The entertaining book is full of details and anecdotes that this reader guesses are lifted from “real life”. The kids do chores, like ensuring the calves “don’t get too far behind” when the herd’s being moved to the summer pasture; a friend’s dad got caught “between a barbwire fence and some cows rushing toward the creek” and earned twenty stitches; and Mom hands Sarah “an old cellphone” before the brother and sister are about to ride off on their horses (with two Girl Guide cookies each), and tells her daughter “I just put ten dollars of time on this phone, so take it with you in case you have to phone me.” Adults “talk about boring things like the need for more rain, how cool most of the summer has been so far, and the high prices of gas.”
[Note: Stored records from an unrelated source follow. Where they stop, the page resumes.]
(* Let $(J,\mathcal F)$ and $w^S_j>0$ be as in the context, and assume $w^S_j\le w^T_j$ whenever $j\in S\subset T$ with $S,T\in\mathcal F$. Let $\mathbf c$ be $\mathcal F$-admissible and let $\mathrm{AG}_2$ on input $\mathbf c$ produce $\boldsymbol\pi$, $\boldsymbol\nu$, $S_k$, $\nu^{S_k}_j$. Then for every $j\in J$, $$\nu_j=\max\{\nu^S_j: j\in S\in\{S_1,\dots,S_n\}\}.$$
   Context: $J$ finite, $|J|=n$; $\mathcal F\subseteq2^J$ with $\emptyset\in\mathcal F$, each nonempty $S\in\mathcal F$ having nonempty $\partial^-S=\{j\in S:S\setminus\{j\}\in\mathcal F\}$, each $S\in\mathcal F\ne J$ having $j\notin S$ with $S\cup\{j\}\in\mathcal F$. Coefficients $w^S_j>0$ for $j\in S\in\mathcal F$. $\mathrm{AG}_2$ on input $\mathbf c$: $S_1=J$, $\nu^{S_1}_j=c_j/w^{S_1}_j$, $\pi_1\in\arg\min\{\nu^{S_1}_j:j\in\partial^-S_1\}$, $\nu_{\pi_1}=\nu^{S_1}_{\pi_1}$; for $k=2..n$: $S_k=S_{k-1}\setminus\{\pi_{k-1}\}$, $\nu^{S_k}_j=\nu^{S_{k-1}}_j+(w^{S_{k-1}}_j/w^{S_k}_j-1)[\nu^{S_{k-1}}_j-\nu^{S_{k-1}}_{\pi_{k-1}}]$ ($j\in S_k$), $\pi_k\in\arg\min\{\nu^{S_k}_j:j\in\partial^-S_k\}$, $\nu_{\pi_k}=\nu^{S_k}_{\pi_k}$. $\mathbf c$ is $\mathcal F$-admissible if $\nu_{\pi_1}\le\cdots\le\nu_{\pi_n}$. *)

From mathcomp Require Import all_boot all_order all_algebra.
Set Implicit Arguments. Unset Strict Implicit. Unset Printing Implicit Defensive.
Import Order.TTheory GRing.Theory Num.Theory.
Local Open Scope ring_scope.

Section AG2.
Variables (R : realFieldType) (J : finType).

Definition set_system_ok (F : {set {set J}}) : Prop :=
  [/\ set0 \in F,
      (forall S, S \in F -> S != set0 -> exists2 j, j \in S & S :\ j \in F)
    & (forall S, S \in F -> S != setT -> exists2 j, j \notin S & j |: S \in F)].

Definition lower_boundary (F : {set {set J}}) (S : {set J}) : {set J} :=
  [set j in S | S :\ j \in F].

(* S_k of AG_2, 0-indexed: AG2_S pi 0 = J = S_1, AG2_S pi k = S_{k+1};
   pi k is \pi_{k+1}. *)
Fixpoint AG2_S (pi : nat -> J) (k : nat) : {set J} :=
  match k with
  | 0 => setT
  | k'.+1 => AG2_S pi k' :\ pi k'
  end.

(* AG2_nu w c pi k j = \nu^{S_{k+1}}_j (0-indexed). *)
Fixpoint AG2_nu (w : {set J} -> J -> R) (c : J -> R) (pi : nat -> J)
    (k : nat) (j : J) : R :=
  match k with
  | 0 => c j / w setT j
  | k'.+1 =>
      AG2_nu w c pi k' j
      + (w (AG2_S pi k') j / w (AG2_S pi k) j - 1)
        * (AG2_nu w c pi k' j - AG2_nu w c pi k' (pi k'))
  end.

Definition AG2_run (F : {set {set J}}) (w : {set J} -> J -> R) (c : J -> R)
    (pi : nat -> J) : Prop :=
  forall k, (k < #|J|)%N ->
    pi k \in lower_boundary F (AG2_S pi k) /\
    (forall j, j \in lower_boundary F (AG2_S pi k) ->
       AG2_nu w c pi k (pi k) <= AG2_nu w c pi k j).

Definition AG2_nu_out w c pi (k : nat) : R := AG2_nu w c pi k (pi k).

Definition admissible w c pi : Prop :=
  forall k, (k.+1 < #|J|)%N -> AG2_nu_out w c pi k <= AG2_nu_out w c pi k.+1.

End AG2.

From mathcomp Require Import all_boot all_order all_algebra.
From mathcomp Require Import ring.
Import Order.TTheory GRing.Theory Num.Theory.
Local Open Scope ring_scope.

(* Write j = pi_k and r_m = w^{S_m}_j / w^{S_{m+1}}_j, which is >= 1 by
   monotonicity of the weights. The update rule reads
   nu^{S_{m+1}}_j - nu_{pi_m} = r_m (nu^{S_m}_j - nu_{pi_m}), so once
   nu^{S_m}_j < nu_{pi_m}, admissibility keeps nu^{S_{m'}}_j < nu_{pi_m'} for all
   later m' <= k, which is absurd at m' = k. Hence nu^{S_m}_j >= nu_{pi_m} for
   m <= k, so every update of nu_j up to step k is nonnegative, and
   j leaves the sets S_m right after step k. *)

Lemma setT_in_set_system (J : finType) (F : {set {set J}}) :
  set_system_ok F -> setT \in F.
Proof.
case=> F0 _ F_grow.
have [S SF S_max] := arg_maxnP (fun S : {set J} => #|S|) F0.
have [<- //|ST] := eqVneq S setT.
have [j jS jSF] := F_grow S SF ST.
by have := S_max _ jSF; rewrite cardsU1 jS add1n /= ltnn.
Qed.

Section AG2Sets.
Context {J : finType} (pi : nat -> J).

Lemma AG2_S_subset {m n} : (m <= n)%N -> AG2_S pi n \subset AG2_S pi m.
Proof.
elim: n => [|n IH]; first by rewrite leqn0 => /eqP ->.
rewrite leq_eqVlt ltnS => /predU1P [-> //|/IH]; apply: subset_trans.
exact: subD1set.
Qed.

Lemma AG2_pi_notin_S m n : (m < n)%N -> pi m \notin AG2_S pi n.
Proof.
move=> mn; apply/negP => /(subsetP (AG2_S_subset mn)).
by rewrite /= !inE eqxx.
Qed.

End AG2Sets.

Lemma AG2_nuS_sub (R : realFieldType) (J : finType) (w : {set J} -> J -> R)
    (c : J -> R) (pi : nat -> J) m j :
  AG2_nu w c pi m.+1 j - AG2_nu_out w c pi m =
  w (AG2_S pi m) j / w (AG2_S pi m.+1) j
    * (AG2_nu w c pi m j - AG2_nu_out w c pi m).
Proof. by rewrite /= /AG2_nu_out; ring. Qed.

Section AG2Monotone.
Context {R : realFieldType} {J : finType} {F : {set {set J}}}.
Context {w : {set J} -> J -> R} {c : J -> R} { pi : nat -> J }.
Hypothesis setT_F : setT \in F.
Hypothesis w_gt0 : forall S j, S \in F -> j \in S -> 0 < w S j.
Hypothesis w_homo : forall S T j, S \in F -> T \in F -> S \subset T ->
  j \in S -> w S j <= w T j.
Hypothesis run : AG2_run F w c pi.
Hypothesis adm : admissible w c pi.

Local Notation S := (AG2_S pi).
Local Notation nu := (AG2_nu w c pi).
Local Notation out := (AG2_nu_out w c pi).

Lemma AG2_pi_in_S {m} : (m < #|J|)%N -> pi m \in S m.
Proof. by case/run; rewrite inE => /andP []. Qed.

Lemma AG2_S_in_F {m} : (m <= #|J|)%N -> S m \in F.
Proof. by case: m => [//|m] /run []; rewrite inE => /andP []. Qed.

Lemma AG2_ratio_ge1 {m j} : (m < #|J|)%N -> j \in S m.+1 ->
  1 <= w (S m) j / w (S m.+1) j.
Proof.
move=> mJ jS.
have SmF : S m \in F by apply/AG2_S_in_F/ltnW.
have SSmF : S m.+1 \in F by exact: AG2_S_in_F.
rewrite ler_pdivlMr ?mul1r; last exact: w_gt0.
exact: w_homo (subD1set _ _) jS.
Qed.

Lemma AG2_nu_lt_outS {m j} : (m.+1 < #|J|)%N -> j \in S m.+1 ->
  nu m j < out m -> nu m.+1 j < out m.+1.
Proof.
move=> mJ jS lt_nu_out; apply: (lt_le_trans _ (adm _ mJ)).
rewrite -subr_lt0 AG2_nuS_sub pmulr_rlt0 ?subr_lt0 //.
exact: lt_le_trans ltr01 (AG2_ratio_ge1 (ltnW mJ) jS).
Qed.

Lemma AG2_nu_lt_out_le {m k j} : (k < #|J|)%N -> (m <= k)%N -> j \in S k ->
  nu m j < out m -> nu k j < out k.
Proof.
elim: k => [|k IH] kJ; first by rewrite leqn0 => /eqP ->.
rewrite leq_eqVlt ltnS => /predU1P [-> //|mk] jS lt_nu_out.
apply: AG2_nu_lt_outS => //; apply: IH => //; first exact: ltnW.
exact: subsetP (AG2_S_subset pi (leqnSn k)) _ jS.
Qed.

Lemma AG2_out_le_nu_pi {m k} : (k < #|J|)%N -> (m <= k)%N ->
  out m <= nu m (pi k).
Proof.
move=> kJ mk; rewrite leNgt; apply/negP.
move/(AG2_nu_lt_out_le kJ mk (AG2_pi_in_S kJ)).
by rewrite ltxx.
Qed.

Lemma AG2_nu_pi_homo {m n k} : (k < #|J|)%N -> (m <= n <= k)%N ->
  nu m (pi k) <= nu n (pi k).
Proof.
move=> kJ; elim: n => [|n IH]; first by rewrite leqn0 => /andP [/eqP ->].
rewrite leq_eqVlt ltnS => /andP [/predU1P [-> //|mn] nk].
apply: le_trans (IH _) _; first by rewrite mn ltnW.
rewrite /= lerDl; apply: mulr_ge0.
- rewrite subr_ge0 AG2_ratio_ge1 ?(ltn_trans nk) //.
  exact: subsetP (AG2_S_subset pi nk) _ (AG2_pi_in_S kJ).
- by rewrite subr_ge0 (AG2_out_le_nu_pi kJ (ltnW nk)).
Qed.

End AG2Monotone.

Theorem theorem4 (R : realFieldType) (J : finType) (F : {set {set J}})
    (w : {set J} -> J -> R) (c : J -> R) (pi : nat -> J) :
  set_system_ok F ->
  (forall S j, S \in F -> j \in S -> 0 < w S j) ->
  (forall S T j, S \in F -> T \in F -> S \subset T -> j \in S ->
     w S j <= w T j) ->
  AG2_run F w c pi ->
  admissible w c pi ->
  forall (j : J) (k : nat), (k < #|J|)%N -> pi k = j ->
    j \in AG2_S pi k /\
    (forall k', (k' < #|J|)%N -> j \in AG2_S pi k' ->
       AG2_nu w c pi k' j <= AG2_nu_out w c pi k).
Proof.
move=> /setT_in_set_system setT_F w_gt0 w_homo run adm j k kJ <-{j}.
split=> [|k' _ jS'].
  exact: (AG2_pi_in_S run kJ).
have k'k : (k' <= k)%N by rewrite leqNgt; apply: contraL jS'; apply: AG2_pi_notin_S.
apply: (AG2_nu_pi_homo setT_F w_gt0 w_homo run adm kJ).
by rewrite k'k leqnn.
Qed.
(* Let $\mathcal{C}$ be a full reflective subcategory of $\mathsf{Top}$ which is contained in the category $\mathsf{Top}_0$ of T$_0$-spaces and contains all compact metrizable spaces. Then the empty space is the only finitely presentable object of $\mathcal{C}$.
   Context: An object $X$ of a category $\mathcal{C}$ is finitely presentable if for every directed diagram $(Z_i)_{i\in I}$ in $\mathcal{C}$ (indexed by a directed poset $I$, i.e. every finite subset has an upper bound), with connecting morphisms $z_{i,j}$ and colimit cocone $c_i:Z_i\to Z$ in $\mathcal{C}$, every morphism $f:X\to Z$ factorizes essentially uniquely through some $c_i$: (i) there are $i$ and $g:X\to Z_i$ with $f=c_i\cdot g$, and (ii) whenever $g':X\to Z_i$ also satisfies $f=c_i\cdot g'$, some connecting morphism $z_{i,j}$ satisfies $z_{i,j}\cdot g=z_{i,j}\cdot g'$. *)

From HB Require Import structures.
From mathcomp Require Import all_boot all_order all_algebra.
From mathcomp Require Import all_classical all_reals all_analysis.
From mathcomp Require Import Rstruct Rstruct_topology.
Set Implicit Arguments. Unset Strict Implicit. Unset Printing Implicit Defensive.
Import Order.TTheory GRing.Theory Num.Theory.
Local Open Scope classical_set_scope.
Local Open Scope ring_scope.

Definition metrizable_space (T : topologicalType) : Prop :=
  exists d : T -> T -> Rdefinitions.R,
    [/\ (forall x y, 0 <= d x y),
        (forall x y, d x y = 0 <-> x = y),
        (forall x y, d x y = d y x),
        (forall x y z, d x z <= d x y + d y z) &
        (forall A : set T, open A <->
           (forall x, A x -> exists2 e, 0 < e & forall y, d x y < e -> A y))].

(* A full subcategory of Top is given by a class of spaces [C]; its morphisms
   are all continuous maps between members of [C]. *)
Definition reflective_in_Top (C : topologicalType -> Prop) : Prop :=
  forall X : topologicalType,
    exists (RX : topologicalType) (eta : X -> RX),
      [/\ C RX, continuous eta &
        forall (Y : topologicalType) (f : X -> Y), C Y -> continuous f ->
          exists g : RX -> Y, (continuous g /\ f = g \o eta) /\
            forall g' : RX -> Y, continuous g' -> f = g' \o eta -> g' = g].

Definition directed_poset (I : Type) (le : I -> I -> Prop) : Prop :=
  [/\ (forall i, le i i),
      (forall i j, le i j -> le j i -> i = j),
      (forall i j k, le i j -> le j k -> le i k) &
      (forall s : list I, exists j, forall i, List.In i s -> le i j)].

Definition diagram_in (C : topologicalType -> Prop) (I : Type) (le : I -> I -> Prop)
  (Z : I -> topologicalType) (z : forall i j, le i j -> Z i -> Z j) : Prop :=
  [/\ (forall i, C (Z i)),
      (forall i j (p : le i j), continuous (z i j p)),
      (forall i (p : le i i), z i i p = id) &
      (forall i j k (p : le i j) (q : le j k) (r : le i k),
          z i k r = z j k q \o z i j p)].

Definition is_cocone (I : Type) (le : I -> I -> Prop)
  (Z : I -> topologicalType) (z : forall i j, le i j -> Z i -> Z j)
  (W : topologicalType) (w : forall i, Z i -> W) : Prop :=
  (forall i, continuous (w i)) /\
  (forall i j (p : le i j), w j \o z i j p = w i).

Definition is_colimit_in (C : topologicalType -> Prop) (I : Type) (le : I -> I -> Prop)
  (Z : I -> topologicalType) (z : forall i j, le i j -> Z i -> Z j)
  (Zc : topologicalType) (c : forall i, Z i -> Zc) : Prop :=
  [/\ C Zc, is_cocone z c &
    forall (W : topologicalType) (w : forall i, Z i -> W), C W -> is_cocone z w ->
      exists h : Zc -> W, (continuous h /\ forall i, h \o c i = w i) /\
        forall h' : Zc -> W, continuous h' -> (forall i, h' \o c i = w i) -> h' = h].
There are several food descriptions, ie: picnic lunches, and the cattle drive lunch, which includes “Grandpa Joe’s gluten-free sandwiches” and “Carrots and red pepper sticks, apples and grapes, cookies and granola bars”. It’s easy to imagine the “huge thermoses of coffee and tea set on the tailgate” as Scruffy—the abandoned dog found while the brother and sister are out on their horses with “Dad” (who is “[riding] … around the pastures to see if any fences need fixing”)— darts between the characters and calves.

Wendi Nordell’s detailed black and white drawings—one or two per chapter—enhance Cameron’s text and tell stories of their own ie: cowboy-hatted adults sit around a campfire while the children split into small groups, and a horse checks out the action from beyond the barn. Kids could have fun colouring the illustrations with pencil crayons.